* **WORK INSTRUCTIONS**: Among the entries below, find how many lines carry the word "ltnS" and state only that figure.

* **DATA SUPPLIED**:
Lemma ts_inv_step h s x : uniq s -> x \in s -> ts_inv h s ->
  ts_inv (rcons h x) (ts_step h s x).
Proof.
move=> us xs inv w y k; have [j Es] := ts_step_move h xs.
have mem' : ts_step h s x =i s by rewrite Es; apply: perm_mem; apply: perm_move_to.
rewrite mem' => ys bwy; have ws : w \in s by rewrite -mem'; apply: bef_mem bwy.
case: (leqP k (size h)) => kh; last by rewrite drop_oversize // size_rcons.
rewrite drop_rcons // !count_mem_rcons; set t := drop k h.
have [wx | wx] := eqVneq w x; have [yx | yx] := eqVneq y x.
- by move: bwy; rewrite wx yx bef_irr.
- (* x got in front of y, so x was requested since the requests to y *)
  subst w; rewrite /= addn0 addn1 ltnS => two_y.
  rewrite -has_count has_pred1; apply/negPn/negP => xt.
  move: bwy; rewrite ts_step_bef // ts_count_le1 => /orP [x_y | /andP [xh le_y]].
    by have := inv x y k ys x_y two_y; rewrite -/t (count_memPn xt).
  by have := leq_trans (count_drop_le_since y xh xt) le_y; rewrite leqNgt two_y.
- (* y = x was requested in t, and w stayed in front of x *)
  subst y; rewrite /= addn0 addn1 ltnS.
  rewrite -has_count has_pred1 => xt; have xh : x \in h by apply: mem_drop xt.
  have xw : x != w by rewrite eq_sym.
  move: bwy; rewrite (bef_asym _ _ xw) ?mem' // ts_step_bef // ts_count_le1 xh.
  rewrite negb_or => /andP [_]; rewrite -ltnNge => two_w.
  exact: leq_trans two_w (count_since_le_drop w xt).
- rewrite /= !addn0 => two_y; apply: (inv w y k ys) => //.
  by rewrite -(bef_move_to j us xs ws ys wx yx) -Es.
Qed.
End Timestamp.

(* The state of an ordered pair (a, b) of distinct items
   consists of four booleans telling whether a is in front of b in the lists of
   TS, MTFO, MTFE and OPT, the TS counters sa = [ts_count h a b] and
   sb = [ts_count h b a] (values 0, 1, 2), and the parities pa, pb of the
   numbers of requests to a and b so far.  [phi_tbl] lists the potential of the
   576 states; each line is one choice of the four booleans. *)
Definition phi_tbl : seq nat := [::
  1; 1; 1; 1; 1; 2; 2; 1; 1; 2; 2; 1; 0; 1; 1; 0; 1; 2; 2; 1; 1; 2; 2; 1; 0; 0; 0; 0; 0; 0; 0; 0; 0; 0; 0; 0;
  4; 4; 4; 4; 4; 4; 4; 4; 4; 4; 4; 4; 4; 4; 4; 4; 4; 4; 4; 4; 4; 4; 4; 4; 5; 5; 5; 5; 5; 5; 5; 5; 5; 5; 5; 5;
  2; 1; 2; 2; 2; 2; 2; 2; 2; 2; 2; 2; 2; 1; 2; 1; 2; 2; 2; 1; 2; 2; 2; 1; 2; 1; 2; 1; 2; 1; 2; 1; 2; 1; 2; 1;
  3; 2; 3; 3; 2; 2; 3; 3; 2; 2; 3; 3; 3; 2; 3; 3; 2; 2; 3; 3; 2; 2; 3; 3; 3; 3; 4; 4; 3; 3; 4; 4; 3; 3; 4; 4;
  2; 2; 1; 2; 2; 2; 2; 2; 2; 2; 2; 2; 1; 2; 1; 2; 1; 2; 2; 2; 1; 2; 2; 2; 1; 2; 1; 2; 1; 2; 1; 2; 1; 2; 1; 2;
  3; 3; 2; 3; 3; 3; 2; 2; 3; 3; 2; 2; 3; 3; 2; 3; 3; 3; 2; 2; 3; 3; 2; 2; 4; 4; 3; 3; 4; 4; 3; 3; 4; 4; 3; 3;
  3; 3; 3; 3; 3; 3; 3; 3; 3; 3; 3; 3; 3; 3; 3; 3; 3; 3; 3; 3; 3; 3; 3; 3; 3; 3; 3; 3; 3; 3; 3; 3; 3; 3; 3; 3;
  2; 1; 1; 2; 1; 1; 1; 1; 1; 1; 1; 1; 2; 1; 1; 2; 1; 1; 1; 1; 1; 1; 1; 1; 2; 2; 2; 2; 2; 2; 2; 2; 2; 2; 2; 2;
  2; 1; 1; 2; 2; 1; 1; 2; 2; 2; 2; 2; 1; 1; 1; 1; 1; 1; 1; 1; 2; 2; 2; 2; 1; 1; 1; 1; 1; 1; 1; 1; 2; 2; 2; 2;
  3; 3; 3; 3; 3; 3; 3; 3; 3; 3; 3; 3; 3; 3; 3; 3; 3; 3; 3; 3; 3; 3; 3; 3; 3; 3; 3; 3; 3; 3; 3; 3; 3; 3; 3; 3;
  3; 2; 3; 3; 3; 2; 3; 3; 4; 3; 4; 3; 3; 2; 3; 2; 3; 2; 3; 2; 4; 3; 4; 3; 3; 2; 3; 2; 3; 2; 3; 2; 4; 3; 4; 3;
  2; 1; 2; 2; 1; 1; 2; 2; 1; 1; 2; 2; 2; 2; 2; 2; 1; 2; 2; 2; 1; 1; 2; 2; 2; 2; 2; 2; 1; 2; 2; 2; 1; 1; 2; 2;
  3; 3; 2; 3; 3; 3; 2; 3; 3; 4; 3; 4; 2; 3; 2; 3; 2; 3; 2; 3; 3; 4; 3; 4; 2; 3; 2; 3; 2; 3; 2; 3; 3; 4; 3; 4;
  2; 2; 1; 2; 2; 2; 1; 1; 2; 2; 1; 1; 2; 2; 2; 2; 2; 2; 2; 1; 2; 2; 1; 1; 2; 2; 2; 2; 2; 2; 2; 1; 2; 2; 1; 1;
  4; 4; 4; 4; 4; 4; 4; 4; 5; 5; 5; 5; 4; 4; 4; 4; 4; 4; 4; 4; 5; 5; 5; 5; 4; 4; 4; 4; 4; 4; 4; 4; 5; 5; 5; 5;
  1; 1; 1; 1; 0; 1; 1; 0; 0; 0; 0; 0; 1; 2; 2; 1; 1; 2; 2; 1; 0; 0; 0; 0; 1; 2; 2; 1; 1; 2; 2; 1; 0; 0; 0; 0].

Definition phi_index (oT oO oE oP : bool) (sa sb : nat) (pa pb : bool) : nat :=
  ((((((oT * 2 + oO) * 2 + oE) * 2 + oP) * 3 + sa) * 3 + sb) * 2 + pa) * 2 + pb.

Definition phi (oT oO oE oP : bool) (sa sb : nat) (pa pb : bool) : nat :=
  nth 0 phi_tbl (phi_index oT oO oE oP sa sb pa pb).

Definition bools : seq bool := [:: true; false].

(* The three amortized inequalities satisfied by phi in a given state:
   - OPT reversing the pair by a paid exchange raises phi by at most 5;
   - a request to a (which costs each algorithm 1 iff b is in front of a, and
     after which OPT may or may not have a in front, as chosen by c);
   - a request to b, symmetrically.
   After a request to a, TS has a in front iff it had, or [ts_count h a b <= 1];
   MTFO moves a to the front on odd-numbered requests, MTFE on even ones. *)
Definition phi_ok (oT oO oE oP : bool) (sa sb : nat) (pa pb : bool) : bool :=
  [&& phi oT oO oE (~~ oP) sa sb pa pb <= phi oT oO oE oP sa sb pa pb + 5,
   all (fun c => (~~ oT) + (~~ oO) + (~~ oE) +
       phi (oT || (sa <= 1)) (oO || ~~ pa) (oE || pa) (oP || c) 0 (minn sb.+1 2) (~~ pa) pb
     <= 5 * (~~ oP) + phi oT oO oE oP sa sb pa pb) bools &
   all (fun c => oT + oO + oE +
       phi (oT && ~~ (sb <= 1)) (oO && pb) (oE && ~~ pb) (oP && c) (minn sa.+1 2) 0 pa (~~ pb)
     <= 5 * oP + phi oT oO oE oP sa sb pa pb) bools].

Lemma phi_certificate (oT oO oE oP : bool) (sa sb : nat) (pa pb : bool) :
  sa <= 2 -> sb <= 2 -> phi_ok oT oO oE oP sa sb pa pb.
Proof.
have mem_bool (b : bool) : b \in bools by case: b.
have mem_iota3 n : n <= 2 -> n \in iota 0 3 by rewrite mem_iota.
have all_ok : all (fun oT => all (fun oO => all (fun oE => all (fun oP =>
    all (fun sa => all (fun sb => all (fun pa => all (fun pb =>
      phi_ok oT oO oE oP sa sb pa pb)
    bools) bools) (iota 0 3)) (iota 0 3)) bools) bools) bools) bools by vm_compute.
move=> /mem_iota3 sa3 /mem_iota3 sb3.
move: all_ok => /allP/(_ oT (mem_bool _))/allP/(_ oO (mem_bool _))/allP/(_ oE (mem_bool _)).
move=> /allP/(_ oP (mem_bool _))/allP/(_ sa sa3)/allP/(_ sb sb3).
by move=> /allP/(_ pa (mem_bool _))/allP/(_ pb (mem_bool _)).
Qed.

Lemma phi_exchange (oT oO oE oP : bool) (sa sb : nat) (pa pb : bool) : sa <= 2 -> sb <= 2 ->
  phi oT oO oE (~~ oP) sa sb pa pb <= phi oT oO oE oP sa sb pa pb + 5.
Proof. by move=> sa2 sb2; case/and3P: (phi_certificate oT oO oE oP pa pb sa2 sb2). Qed.

Lemma phi_request_first (oT oO oE oP : bool) (sa sb : nat) (pa pb c : bool) :
  sa <= 2 -> sb <= 2 ->
  (~~ oT) + (~~ oO) + (~~ oE) +
    phi (oT || (sa <= 1)) (oO || ~~ pa) (oE || pa) (oP || c) 0 (minn sb.+1 2) (~~ pa) pb
  <= 5 * (~~ oP) + phi oT oO oE oP sa sb pa pb.
Proof.
move=> sa2 sb2; case/and3P: (phi_certificate oT oO oE oP pa pb sa2 sb2) => _ /allP ok _.
by apply: ok; case: c.
Qed.

Lemma phi_request_second (oT oO oE oP : bool) (sa sb : nat) (pa pb c : bool) :
  sa <= 2 -> sb <= 2 ->
  oT + oO + oE +
    phi (oT && ~~ (sb <= 1)) (oO && pb) (oE && ~~ pb) (oP && c) (minn sa.+1 2) 0 pa (~~ pb)
  <= 5 * oP + phi oT oO oE oP sa sb pa pb.
Proof.
move=> sa2 sb2; case/and3P: (phi_certificate oT oO oE oP pa pb sa2 sb2) => _ _ /allP ok.
by apply: ok; case: c.
Qed.

Lemma phi_init (c : bool) : phi c c c c 2 2 false false = 0.
Proof. by case: c. Qed.

Section MoveToFront.
Variable T : eqType.
Implicit Types (h s : seq T) (x y : T).

Lemma mtfo_step_move h s x : x \in s -> moves x s (mtfo_step h s x).
Proof.
move=> xs; rewrite /mtfo_step; case: ifP => _; first by exists 0.
by exists (index x s); rewrite move_to_id.
Qed.

Lemma mtfe_step_move h s x : x \in s -> moves x s (mtfe_step h s x).
Proof.
move=> xs; rewrite /mtfe_step; case: ifP => _; first by exists 0.
by exists (index x s); rewrite move_to_id.
Qed.

Lemma mtfo_step_bef h s x y : uniq s -> x \in s -> y \in s -> y != x ->
  bef (mtfo_step h s x) x y = bef s x y || ~~ odd (count_mem x h).
Proof.
move=> us xs ys yx; rewrite /mtfo_step oddS.
by case: ifP => _; rewrite ?orbF // bef_move_to_self // min0n leq0n !orbT.
Qed.

Lemma mtfe_step_bef h s x y : uniq s -> x \in s -> y \in s -> y != x ->
  bef (mtfe_step h s x) x y = bef s x y || odd (count_mem x h).
Proof.
move=> us xs ys yx; rewrite /mtfe_step oddS negbK.
by case: ifP => _; rewrite ?orbF // bef_move_to_self // min0n leq0n !orbT.
Qed.
End MoveToFront.

Section PairPotential.
Variable T : eqType.
Implicit Types (h s : seq T) (x y a b : T).

Definition pair_pot h sT sO sE sP a b : nat :=
  phi (bef sT a b) (bef sO a b) (bef sE a b) (bef sP a b)
      (ts_count h a b) (ts_count h b a) (odd (count_mem a h)) (odd (count_mem b h)).

(* The part of the cost of accessing x in s charged to the pair (a, b): 1 if x
   is one of them and the other one is in front of it. *)
Definition charge s x a b : nat := (x == a) * bef s b a + (x == b) * bef s a b.

Lemma sum_nat_bool (r : seq T) (p : pred T) : \sum_(a <- r) (p a : nat) = count p r.
Proof. by elim: r => [|a r IH]; rewrite ?big_nil ?big_cons ?IH. Qed.

Lemma sum_pick (r : seq T) x (G : T -> nat) :
  \sum_(a <- r) (x == a) * G a = count_mem x r * G x.
Proof.
elim: r => [|a r IH]; rewrite ?big_nil ?big_cons ?IH //= mulnDl.
by case: (eqVneq x a) => [-> | xa]; rewrite ?eqxx // eq_sym (negbTE xa).
Qed.

Definition psum (L : seq T) (F : T -> T -> nat) : nat :=
  \sum_(a <- L) \sum_(b <- L | a != b) F a b.

Lemma psum_le L F G : (forall a b, a \in L -> b \in L -> a != b -> F a b <= G a b) ->
  psum L F <= psum L G.
Proof.
move=> le_FG; rewrite /psum big_seq [X in _ <= X]big_seq; apply: leq_sum => a aL.
rewrite big_seq_cond [X in _ <= X]big_seq_cond; apply: leq_sum => b /andP [bL ab].
exact: le_FG.
Qed.

Lemma psumD L F G : psum L (fun a b => F a b + G a b) = psum L F + psum L G.
Proof. by rewrite /psum -big_split; apply: eq_bigr => a _; rewrite big_split. Qed.

Lemma psumMn L k F : psum L (fun a b => k * F a b) = k * psum L F.
Proof. by rewrite /psum big_distrr; apply: eq_bigr => a _; rewrite big_distrr. Qed.

Lemma psum_full L F : (forall a, F a a = 0) ->
  psum L F = \sum_(a <- L) \sum_(b <- L) F a b.
Proof.
move=> F0; apply: eq_bigr => a _; rewrite big_mkcond; apply: eq_bigr => b _.
by case: eqVneq => [-> | _]; rewrite ?F0.
Qed.

(* Summing the charges of all pairs gives back the access cost (twice, as
   each unordered pair is counted in both orders). *)
Lemma psum_charge L s x : uniq L -> perm_eq s L -> x \in L ->
  psum L (charge s x) = 2 * index x s.
Proof.
move=> uL ps xL; have us : uniq s by rewrite (perm_uniq ps).
have x1 : count_mem x L = 1 by rewrite count_uniq_mem // xL.
rewrite psum_full => [|a]; last by rewrite /charge bef_irr !muln0.
rewrite /charge; under eq_bigr => a _ do rewrite big_split /= -big_distrr.
rewrite big_split /= sum_pick x1 mul1n.
under [X in _ + X]eq_bigr => a _ do rewrite sum_pick x1 mul1n.
rewrite !sum_nat_bool (index_count us) ?(perm_mem ps) //.
by rewrite (permP ps) mul2n addnn.
Qed.

Lemma psum_pair L p q : uniq L -> psum L (fun a b => (a == p) && (b == q)) <= 1.
Proof.
move=> uL; apply: leq_trans (_ : \sum_(a <- L) \sum_(b <- L) (p == a) * (q == b) <= 1).
  rewrite /psum; apply: leq_sum => a _; rewrite big_mkcond; apply: leq_sum => b _.
  by case: ifP => _; rewrite ?(eq_sym a) ?(eq_sym b) //; case: (p == a); case: (q == b).
under eq_bigr => a _ do rewrite -big_distrr /=.
rewrite sum_pick sum_nat_bool.
have -> : count (eq_op q) L = count_mem q L by apply: eq_count => b; rewrite eq_sym.
by rewrite !count_uniq_mem //; case: (p \in L); case: (q \in L).
Qed.

Definition Phi (L h sT sO sE sP : seq T) : nat := psum L (pair_pot h sT sO sE sP).

Variables (L h sT sO sE sP : seq T).
Hypotheses (uL : uniq L) (pT : perm_eq sT L) (pO : perm_eq sO L) (pE : perm_eq sE L)
  (pP : perm_eq sP L) (inv : ts_inv h sT).

Lemma uniq_perm_L s : perm_eq s L -> uniq s.
Proof. by move/perm_uniq ->. Qed.

Lemma mem_perm_L s : perm_eq s L -> s =i L.
Proof. exact: perm_mem. Qed.

Lemma bef_perm_asym s a b : perm_eq s L -> a \in L -> b \in L -> a != b ->
  bef s b a = ~~ bef s a b.
Proof. by move=> ps aL bL; apply: bef_asym; rewrite (mem_perm_L ps). Qed.

Lemma perm_steps j x : x \in L ->
  [/\ perm_eq (ts_step h sT x) L, perm_eq (mtfo_step h sO x) L,
      perm_eq (mtfe_step h sE x) L & perm_eq (move_to j x sP) L].
Proof.
move=> xL; have xs s : perm_eq s L -> x \in s by move/mem_perm_L ->.
split; [apply: perm_trans pT | apply: perm_trans pO | apply: perm_trans pE |
        exact: perm_trans (perm_move_to j (xs _ pP)) pP].
- exact: perm_moves (xs _ pT) (ts_step_move h (xs _ pT)).
- exact: perm_moves (xs _ pO) (mtfo_step_move h (xs _ pO)).
- exact: perm_moves (xs _ pE) (mtfe_step_move h (xs _ pE)).
Qed.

* **TASK RESPONSE**: 2